Quality Evaluation - statnett/Talk2PowerSystem GitHub Wiki
Evaluating the quality of AI software systems is essential for informed decision-making, cost-benefit analysis, and ensuring reliable system behavior. Talk2PowerSystem Chat is a ReAct-based agent, and while various evaluation frameworks exist for assessing such systems, most rely on using a large language model (LLM) as a judge to measure accuracy. A comprehensive review of these frameworks and tools is available here.
Although LLM-based evaluation can be effective in certain contexts, it presents two major issues: (1) it is resource-intensive and time-consuming, and (2) it introduces uncertainty, as LLMs are inherently nondeterministic and not always reliable. Relying on one LLM to evaluate another LLM can become an evaluation problem in itself — what might be called a "paradox of evaluation".

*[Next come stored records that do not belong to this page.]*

Lemma axis_coords_K0 K : a < b -> (forall s, inI a b s -> K s = 0) ->
  ((exists X V c, axis_coords a b G K T X V c) <-> const_on a b sigma).
Proof.
  intros Hab HK0. split.
  - intros (X & V & c & (s0 & Hs0 & Hn) & H).
    assert (Hpar : forall s, inI a b s -> V s * u s = X s * z s).
    { intros s Hs. destruct (H s Hs) as (E & _). destruct (GT_norm_sqr s Hs) as [Hw _].
      apply (Rmult_eq_reg_l (w s)); [|exact (Rgt_not_eq _ _ Hw)].
      unfold u, z. field_simplify; [|exact (Rgt_not_eq _ _ Hw)..]. lra. }
    set (lam := fun t => X t * u t + V t * z t).
    assert (Hlam : forall s, inI a b s -> lam s = lam s0).
    { intros s Hs. apply (eq_on_of_is_derive0 a b lam); [|exact Hs|exact Hs0].
      intros t Ht. destruct (H t Ht) as (E & DX & DV).
      destruct (normalized_pair_derive t Ht) as (Du & Dz).
      pose proof (is_derive_Rplus _ _ _ _ _
        (is_derive_Rmult _ _ _ _ _ DX Du) (is_derive_Rmult _ _ _ _ _ DV Dz)) as D.
      revert D. apply is_derive_eq_val. rewrite HK0 by exact Ht.
      transitivity (c * (G t * u t - T t * z t) + sigma t * (G t * X t - T t * V t)); [ring|].
      rewrite E, normalized_pair_cross by exact Ht. ring. }
    set (l0 := lam s0).
    (* (X, V) is parallel to the unit vector (u, z), hence equal to lam (u, z) *)
    assert (HXV : forall s, inI a b s -> X s = l0 * u s /\ V s = l0 * z s).
    { intros s Hs. unfold l0. rewrite <- (Hlam s Hs). unfold lam.
      pose proof (normalized_pair_unit s Hs) as N. pose proof (Hpar s Hs) as P.
      split.
      - transitivity (X s * (u s ^ 2 + z s ^ 2) + z s * (V s * u s - X s * z s));
          [rewrite N, P; ring | ring].
      - transitivity (V s * (u s ^ 2 + z s ^ 2) + u s * (X s * z s - V s * u s));
          [rewrite N, P; ring | ring]. }
    assert (Hc : forall s, inI a b s -> c = l0 * sigma s).
    { intros s Hs. destruct (H s Hs) as (_ & DX & DV).
      destruct (normalized_pair_derive s Hs) as (Du & Dz).
      rewrite HK0 in DX, DV by exact Hs.
      assert (EX := is_derive_unique_on a b X (fun t => l0 * u t) s _ _
                      (fun t Ht => proj1 (HXV t Ht)) Hs DX (is_derive_scal _ _ l0 _ Du)).
      assert (EV := is_derive_unique_on a b V (fun t => l0 * z t) s _ _
                      (fun t Ht => proj2 (HXV t Ht)) Hs DV (is_derive_scal _ _ l0 _ Dz)).
      destruct (GT_neq0 s Hs) as [HG|HT].
      - apply (Rmult_eq_reg_l (G s)); [lra | exact HG].
      - apply (Rmult_eq_reg_l (T s)); [lra | exact HT]. }
    assert (Hl0 : l0 <> 0).
    { intros E. destruct (HXV s0 Hs0) as [E1 E2]. pose proof (Hc s0 Hs0) as E3.
      rewrite E in E1, E2, E3. rewrite E1, E2, E3 in Hn. lra. }
    exists (c / l0). intros s Hs. rewrite (Hc s Hs). field. exact Hl0.
  - intros (k & Hk). exists u, z, k. split.
    + set (s0 := (a + b) / 2). assert (Hs0 : inI a b s0) by (unfold inI, s0; lra).
      exists s0. split; [exact Hs0|].
      pose proof (normalized_pair_unit s0 Hs0). pose proof (pow2_ge_0 k). lra.
    + intros s Hs. destruct (normalized_pair_derive s Hs) as (Du & Dz).
      rewrite (Hk s Hs) in Du, Dz. rewrite HK0 by exact Hs.
      split; [exact (normalized_pair_cross s Hs)|split].
      * revert Du. apply is_derive_eq_val. ring.
      * revert Dz. apply is_derive_eq_val. ring.
Qed.

End NormalizedPair.

Theorem corollary19 (a b : R) (C xi mu v : R -> vec) (G K T : R -> R) :
  a < b ->
  myller_config a b C xi mu v G K T ->
  (forall s, inI a b s -> G s <> 0 \/ T s <> 0) ->
  ((forall s, inI a b s -> K s = 0) ->
     (mu_helix a b mu <->
      const_on a b (fun s => (Derive T s * G s - T s * Derive G s)
                              / Rpower (G s ^ 2 + T s ^ 2) (3 / 2)))) /\
  ((forall s, inI a b s -> G s = 0) ->
     (mu_helix a b mu <-> const_on a b (fun s => K s / T s))) /\
  ((forall s, inI a b s -> T s = 0) ->
     (mu_helix a b mu <-> const_on a b (fun s => K s / G s))).
Proof.
  intros Hab HM HGT.
  rewrite (mu_helix_iff_axis_coords a b C xi mu v G K T HM Hab).
  split; [|split]; intros Hdeg.
  - exact (axis_coords_K0 a b G T (myller_GT_derivable a b C xi mu v G K T HM) HGT
             K Hab Hdeg).
  - apply axis_coords_G0; [exact Hab | exact Hdeg |].
    intros s Hs. destruct (HGT s Hs) as [HG|HT]; [contradiction (HG (Hdeg s Hs)) | exact HT].
  - apply axis_coords_T0; [exact Hab | exact Hdeg |].
    intros s Hs. destruct (HGT s Hs) as [HG|HT]; [exact HG | contradiction (HT (Hdeg s Hs))].
Qed.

Inspired by the approach in "CrunchQA: A Synthetic Dataset for Question Answering over Crunchbase Knowledge Graph", we chose instead to build a QA dataset with expected tool calls and corresponding outputs to measure the system quality. Our evaluation focuses on the agent’s ability to interpret natural language questions and execute the correct sequence of tool invocations with appropriate arguments. Rather than scoring the quality of the natural language response, we assess the model’s understanding of the query and the data it retrieves to answer it. This approach aligns with the goals of the Talk2PowerSystem project, which emphasizes transparency and explainability alongside accuracy.
To support this evaluation methodology, we developed a Python library called qa-eval that is agnostic to the underlying implementation or LLM model used. It accepts as input a QA dataset and the system’s output, and evaluates not only the accuracy of the responses, but also the execution performance and estimated cost—calculated based on token usage statistics. This makes it suitable for comparing different agent implementations in a consistent and reproducible manner.
The accuracy for a single question from the QA dataset is calculated under the following assumptions:
- For each question, the QA dataset defines a sequence of expected tool calls. Multiple tools can be invoked at the same step, hence the expected tool calls are represented as a list of lists, e.g.,
[t₁, ..., tₙ], ..., [tₖ, ..., tₘ](/statnett/Talk2PowerSystem/wiki/t₁,-...,-tₙ],-...,-[tₖ,-...,-tₘ)
- We assume that the final step in this sequence,
[tₖ, ..., tₘ]
, contains the tool(s) responsible for retrieving the data needed to answer the question.
Accuracy is computed by comparing the outputs of the final tool calls [tₖ, ..., tₘ]
against the system's actual tool calls. If none of the expected tools in the final step have a matching output in the system's response, the accuracy is 0. Otherwise, accuracy is defined as the number of matched tool calls in the final step divided by the total number of expected tool calls in that step.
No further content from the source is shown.